Yıldız Tozu Tam Olarak Nedir?
Elbette yıldız tozu bilimsel bir terim değildir. Ancak yıldızlar tarafından yıldızlararası ortama fırlatılan ağır atomlar gerçekten de küçük toz tanecikleri şeklinde bir araya toplanacaktır. Bu da bir yıldızın ölümünün bir sonucudur. Yani yıldız tozunun ana kaynaklarından biri süpernovalardır. Süpernova, bir yıldızın son derece parlak, süper güçlü patlamasıdır.

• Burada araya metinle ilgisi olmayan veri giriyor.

(* Let $\varphi\in L^\infty(\mathbb{R})\cap S_0(\mathbb{R})$. Then for every $t>0$, $$\|\varphi\|_\infty\le\varphi^*(t)+2\,\omega(\varphi;t),\qquad\text{where }\ \omega(\varphi;t)=\sup_{0\le h\le t}\|\Delta_h\varphi\|_\infty.$$
   Context: $\|\cdot\|_\infty$ is the essential supremum norm on $\mathbb{R}$, and $\Delta_h\varphi(x)=\varphi(x+h)-\varphi(x)$. $S_0(\mathbb{R})$ is the class of measurable, a.e. finite functions $\varphi$ on $\mathbb{R}$ with $|\{x:|\varphi(x)|>s\}|<\infty$ for every $s>0$; $\varphi^*$ is the non-increasing rearrangement of $\varphi$ (the non-negative non-increasing function on $(0,\infty)$ equimeasurable with $|\varphi|$). *)

From Stdlib Require Import Reals Lra ClassicalEpsilon.
Open Scope R_scope.

(* Supremum / infimum of a set of reals (0 when the set is empty or
   unbounded in the relevant direction). *)
Definition Rsup (E : R -> Prop) : R :=
  match excluded_middle_informative (bound E /\ exists x, E x) with
  | left H => proj1_sig (completeness E (proj1 H) (proj2 H))
  | right _ => 0
  end.

Definition Rinf (E : R -> Prop) : R := - Rsup (fun x => E (- x)).

(* Lebesgue outer measure of A is <= m: for every eps > 0, A is covered by
   countably many open intervals (a n, b n) of total length <= m + eps. *)
Definition outer_le (A : R -> Prop) (m : R) : Prop :=
  forall eps, 0 < eps ->
    exists a b : nat -> R,
      (forall n, a n <= b n) /\
      (forall x, A x -> exists n, a n < x < b n) /\
      (forall N, sum_f_R0 (fun n => b n - a n) N <= m + eps).

Definition null_set (A : R -> Prop) : Prop := outer_le A 0.

Definition leb_measurable_set (E : R -> Prop) : Prop :=
  forall (A : R -> Prop) (t : R), outer_le A t ->
    exists t1 t2, t1 + t2 <= t /\
      outer_le (fun x => A x /\ E x) t1 /\
      outer_le (fun x => A x /\ ~ E x) t2.

Definition leb_measurable (f : R -> R) : Prop :=
  forall c, leb_measurable_set (fun x => c < f x).

Definition Linfty (f : R -> R) : Prop :=
  leb_measurable f /\ exists M, null_set (fun x => M < Rabs (f x)).

(* f in S_0(R): measurable, and |{|f| > s}| < infty for all s > 0
   (a.e. finiteness is automatic for real-valued f). *)
Definition S0 (f : R -> R) : Prop :=
  leb_measurable f /\
  forall s, 0 < s -> exists m, outer_le (fun x => s < Rabs (f x)) m.

Definition ess_norm (f : R -> R) : R :=
  Rinf (fun M => 0 <= M /\ null_set (fun x => M < Rabs (f x))).

Definition rearr (f : R -> R) (t : R) : R :=
  Rinf (fun s => 0 <= s /\ outer_le (fun x => s < Rabs (f x)) t).

Definition Delta (h : R) (f : R -> R) : R -> R := fun x => f (x + h) - f x.

Definition omega (f : R -> R) (t : R) : R :=
  Rsup (fun v => exists h, 0 <= h <= t /\ v = ess_norm (Delta h f)).

From Stdlib Require Import Reals Lra Lia Classical ClassicalEpsilon Cantor.
From Coquelicot Require Import Rcomplements.
Open Scope R_scope.

(* Let [N] be the essential norm and suppose [N > phi*(t) + 2 omega(phi; t)].
   For [s] slightly above [phi*(t)] the set [A = {|phi| > s}] has measure at
   most [t], while [E = {|phi| > N - eps}] is not null.  Every increment of step
   at most [t] is a.e. below [omega + eps], so going through the midpoint, the
   translate [E + h] lies in [A] up to a null set for every [h] in [[0, 2t]].
   But [E] fills more than half of some interval of length [l]; its translates
   by [0, l, ..., floor(2t/l) l] give more than [2t/l] disjoint intervals each
   more than half filled by [A], so [A] has measure more than [t]. *)

Fixpoint psum (f : nat -> R) (n : nat) : R :=
  match n with O => 0 | S n' => psum f n' + f n' end.

Lemma sum_f_R0_psum f N : sum_f_R0 f N = psum f (S N).
Proof. induction N as [|N IH]; simpl in *; [ring | rewrite IH; ring]. Qed.

Lemma psum_ext f g n : (forall i, (i < n)%nat -> f i = g i) -> psum f n = psum g n.
Proof.
  induction n as [|n IH]; intros Hfg; simpl; [reflexivity|].
  rewrite IH, Hfg; [reflexivity | lia | intros; apply Hfg; lia].
Qed.

Lemma psum_le f g n : (forall i, (i < n)%nat -> f i <= g i) -> psum f n <= psum g n.
Proof.
  induction n as [|n IH]; intros Hfg; simpl; [lra|].
  apply Rplus_le_compat; [apply IH; intros; apply Hfg | apply Hfg]; lia.
Qed.

Lemma psum_le_len f n m : (forall i, 0 <= f i) -> (n <= m)%nat -> psum f n <= psum f m.
Proof. intros Hf Hnm; induction Hnm as [|m _ IH]; simpl; [lra|]. specialize (Hf m); lra. Qed.

Lemma psum_add f g n : psum (fun i => f i + g i) n = psum f n + psum g n.
Proof. induction n as [|n IH]; simpl; [ring | rewrite IH; ring]. Qed.

Lemma psum_scal k f n : psum (fun i => k * f i) n = k * psum f n.
Proof. induction n as [|n IH]; simpl; [ring | rewrite IH; ring]. Qed.

Lemma psum_const c n : psum (fun _ => c) n = INR n * c.
Proof. induction n as [|n IH]; simpl psum; [simpl; ring | rewrite IH, S_INR; ring]. Qed.

Lemma psum_add_len f m n : psum f (m + n) = psum f m + psum (fun i => f (m + i)%nat) n.
Proof.
  induction n as [|n IH]; simpl; [rewrite Nat.add_0_r; ring|].
  rewrite Nat.add_succ_r; simpl; rewrite IH; ring.
Qed.

Lemma psum_swap (f : nat -> nat -> R) K N :
  psum (fun k => psum (f k) N) K = psum (fun n => psum (fun k => f k n) K) N.
Proof.
  induction K as [|K IH]; simpl.
  - induction N as [|N IHN]; simpl; [ring | rewrite <- IHN; ring].
  - rewrite IH, <- psum_add; reflexivity.
Qed.

Lemma psum_geom J : psum (fun n => / 2 ^ S n) J = 1 - / 2 ^ J.
Proof.
  induction J as [|J IH]; cbn [psum]; [simpl; field|].
  rewrite IH; simpl; field; apply pow_nonzero; lra.
Qed.

Lemma of_nat_diag d k : (k <= d)%nat -> of_nat (to_nat (d, O) + k) = (d - k, k)%nat.
Proof.
  intros Hk; rewrite <- (cancel_of_to (d - k, k)%nat); f_equal; cbn.
  replace (k + (d - k))%nat with d by lia; lia.
Qed.

(* Summing along the Cantor enumeration up to the [J]-th diagonal: the [n]-th
   row contributes its first [J - n] terms. *)
Lemma psum_of_nat (f : nat -> nat -> R) J :
  psum (fun i => f (snd (of_nat i)) (fst (of_nat i))) (to_nat (J, O))
  = psum (fun n => psum (f n) (J - n)) J.
Proof.
  induction J as [|J IH]; [reflexivity|].
  replace (to_nat (S J, O)) with (to_nat (J, O) + S J)%nat by (cbn; lia).
  rewrite psum_add_len, IH; cbv beta.
  rewrite (psum_ext (fun i => f (snd (of_nat (to_nat (J, O) + i))) (fst (of_nat (to_nat (J, O) + i))))
    (fun n => f n (J - n)%nat)) by (intros n Hn; rewrite of_nat_diag by lia; reflexivity).
  rewrite (psum_ext (fun n => psum (f n) (S J - n)) (fun n => psum (f n) (J - n) + f n (J - n)%nat) (S J)).
  - rewrite psum_add; cbn [psum]; rewrite Nat.sub_diag; simpl; ring.
  - intros n Hn; rewrite (Nat.sub_succ_l n J) by lia; reflexivity.
Qed.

Süpernova dediğimizde çoğu insanın aklına ölmekte olan bir yıldız gelir. Ancak aslında iki tür süpernova patlaması vardır. Tip I patlamaları, beyaz cücenin bileşen yıldızından aldığı maddeyi taşıyamaması nedeniyle ortaya çıkar. Patlama sırasında beyaz cüce tamamen parçalanır ve daha parlak görünür.
Tip II veya çekirdek çöküşü süpernova için ise öncelikle yıldız çekirdeğindeki nükleer yakıt tükenmelidir. Devamında da bir veya iki saniye içerisinde ani bir çöküş gerçekleşir. Bu da evrenimizde görülebilen bütün diğer yıldızların ışınım güçlerinden daha yüksek düzeyde bir enerjinin salınımına yol açar.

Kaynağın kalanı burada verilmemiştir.